This book represents a major achievement, that should shake up anthropology and, indeed, is doing a fair amount of shaking already. It is part of an "ontological turn" in the field, basically a return to the old practice of looking seriously at what traditional, and modern, groups of people think about the world--what exists, what "persons" are, what "others" are, how the world works. This line of research goes back to the beginnings of anthropology, and was developed especially by Paul Radin and Irving Hallowell in the early 20th century, but was in eclipse in the 1990s due to the "postmodern" movement, which adulated French and German thinkers to the point of ignoring the views of local subjects (a bit of racism and neo-colonialism, by the way). Of course, Descola is a major French thinker too, but unlike the Derridas and Lacans he takes seriously the views of people in other societies. The "ontological turn" has come up from South America, and has generally been a province of South American anthropologists--Gerardo Reichel-Dolmatoff foreshadowed it, and more recently Eduardo Viveiros de Castro, Mario Blaser, Eduardo Kohn, and others have adopted it, with Arturo Escobar developing a rather related political-ecological view. Descola has worked in Amazonia for decades, and become very much a part of the South American ethnographic scene.
This book lays out four general classes of ontology. Animism considers animals and plants to be consubstantial with us humans in interiority (soul, essence, intangible personhood) but different in physical appearance--though that may be merely a skin donned for convenience (salmon are human in appearance when back under the sea). Totemism, found largely in Australia, sees deep bonds in both interiority and physical aspect between people and nonhumans around them. Analogism sees life-forms (including different types and groups of people) as quite different in both aspects, but tied together by webs of interaction--often of interacting essences, like the qi of Chinese thought. Naturism sees humans as sharply cut off from "nature" in interiority but subject to the same physical laws: only humans have souls (Descartes) or, in the modern version, only humans have language (Chomsky), yet we evolved from animals and share most genes with them. It will not have escaped the anthropological reader that animism and totemism go with hunting-gathering and horticultural societies, analogism with tributary agrarian states, and naturism with the modern industrial world, but Descola does not make much of this (though he does not ignore it). A Weberian would say that analogism follows from the first disenchantment, when priests and kings took over religion, and naturism from a later disenchantment, when humans became self-consciously dependent on machines and capital, cut off from nature (however defined).
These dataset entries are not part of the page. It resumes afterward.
(* Let $X$ be a geodesic $\delta$--hyperbolic space ($\delta\geqslant0$), $x_0\in X$, and let $u_1,u_2,v,w_1,w_2$ be isometries of $X$ with $u_1vw_1=u_2vw_2$ such that the products $u_1v$, $u_2v$, $vw_1$ and $vw_2$ are reduced at $x_0$. Assume $|vx_0-x_0|>26\delta$, $|u_1x_0-u_2x_0|\leqslant|vx_0-x_0|$ and $|u_1x_0-x_0|\leqslant|u_2x_0-x_0|$. Then $x_0$ and $vx_0$ are in $C_{u_1^{-1}u_2}^{+190\delta}$. Moreover, $(x_0,u_2x_0)_{u_1x_0}\leqslant 24\delta$, $(u_1x_0,u_1vx_0)_{u_2x_0}\leqslant 66\delta$ and $(u_2x_0,u_2vx_0)_{u_1vx_0}\leqslant 138\delta$.
   Context: Distance $|x-y|$; Gromov product $(p,q)_x:=\frac12(|p-x|+|q-x|-|p-q|)$; $X$ is $\delta$--hyperbolic if $(p,r)_x\geqslant\min\{(p,q)_x,(q,r)_x\}-\delta$ for all $p,q,r,x$. The product $uv$ of two isometries is reduced at $x_0$ if $(u^{-1}x_0,vx_0)_{x_0}\leqslant\delta$. For an isometry $g$, $[g]:=\inf_x|gx-x|$ and $C_g:=\{x\in X\mid|gx-x|\leqslant[g]+8\delta\}$; $A^{+a}:=\{x\mid d(x,A)\leqslant a\}$. *)

From Stdlib Require Import Reals.
From Coquelicot Require Import Coquelicot.
Open Scope R_scope.

Record MetricSpace := {
  mcarrier :> Type;
  mdist : mcarrier -> mcarrier -> R;
  dist_refl : forall x, mdist x x = 0;
  dist_sym : forall x y, mdist x y = mdist y x;
  dist_pos : forall x y, 0 <= mdist x y;
  dist_sep : forall x y, mdist x y = 0 -> x = y;
  dist_tri : forall x y z, mdist x z <= mdist x y + mdist y z
}.

Arguments mdist {_} _ _.

Definition geodesic_space (X : MetricSpace) : Prop :=
  forall x y : X, exists gam : R -> X,
    gam 0 = x /\ gam (mdist x y) = y /\
    forall s t, 0 <= s <= mdist x y -> 0 <= t <= mdist x y ->
      mdist (gam s) (gam t) = Rabs (s - t).

Definition gromov {X : MetricSpace} (p q x : X) : R :=
  (mdist p x + mdist q x - mdist p q) / 2.

Definition hyperbolic (X : MetricSpace) (delta : R) : Prop :=
  forall p q r x : X,
    gromov p r x >= Rmin (gromov p q x) (gromov q r x) - delta.

Record isometry (X : MetricSpace) := {
  iso_fun :> X -> X;
  iso_inv : X -> X;
  iso_inv_l : forall x, iso_inv (iso_fun x) = x;
  iso_inv_r : forall x, iso_fun (iso_inv x) = x;
  iso_dist : forall x y, mdist (iso_fun x) (iso_fun y) = mdist x y
}.

Arguments iso_inv {_} _ _.

Definition reduced {X : MetricSpace} (delta : R) (x0 : X) (u v : isometry X) : Prop :=
  gromov (iso_inv u x0) (v x0) x0 <= delta.

Definition transl_len {X : MetricSpace} (g : X -> X) : Rbar :=
  Glb_Rbar (fun r => exists x : X, r = mdist (g x) x).

Definition C_set {X : MetricSpace} (delta : R) (g : X -> X) (x : X) : Prop :=
  Rbar_le (Finite (mdist (g x) x)) (Rbar_plus (transl_len g) (Finite (8 * delta))).

Definition dist_set {X : MetricSpace} (x : X) (A : X -> Prop) : Rbar :=
  Glb_Rbar (fun r => exists y : X, A y /\ r = mdist x y).

(* A^{+a} := { x | d(x, A) <= a } *)
Definition nbhd {X : MetricSpace} (A : X -> Prop) (a : R) (x : X) : Prop :=
  Rbar_le (dist_set x A) (Finite a).

From Pilot Require Import Defs.
From Stdlib Require Import Reals Lra.
From Coquelicot Require Import Coquelicot.
Open Scope R_scope.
Descola is no Weberian, but there seems to be some influence here.
Descola is a Levi-Strauss student and a structuralist, and this leads him to a rather black and white view of the world. I find it awfully hard to see these four things as watertight compartments. Perhaps he meant them only as ideal types (Weber again!), but if so he is remarkably silent about it. I can't see them that way, largely because I have done research in societies that substantially mix them up. In local Chinese minority communities, Maya communities, and some Northwest Coast communities, various things that Descola considers hallmarks of animism and analogism mix freely, with some naturism now added by modernizing influences. At some point, shamanism probably transformed into analogism in Mexico, and almost certainly did in ancient China and elsewhere; what did the transition look like? (We have some documents from China that actually tell us something about that.)
Unlike Levi-Strauss, Descola does not consider aesthetic phenomena. This is a major cost. Groups such as the Australian Aboriginals and the Northwest Coast First Nations do a great deal of their communicating through arts. Ignoring that as cost Descola such insights as the incredible importance of "country" (mythologized, totemically rich landscape) for the Australians. Considering that would likely have changed his views on totemism. Analogistic societies are almost all rich in art (and that can't be mere coincidence), and there again they look less atomistic and differentiating when they are expressing their worldviews in arts. One can imagine a quite different take on ontologies derived from study of expressive forms rather than simply from stated worldviews.
That being said, this book is not only a major achievement, but a desperately needed reactivation of anthropologists' traditional concern with what traditional small-scale societies actually say and teach about the world. Descola restricts his application of it to the last page, but there he states emphatically that some concern for basic worldviews has to be part of saving the planet; obviously, naturism can't last.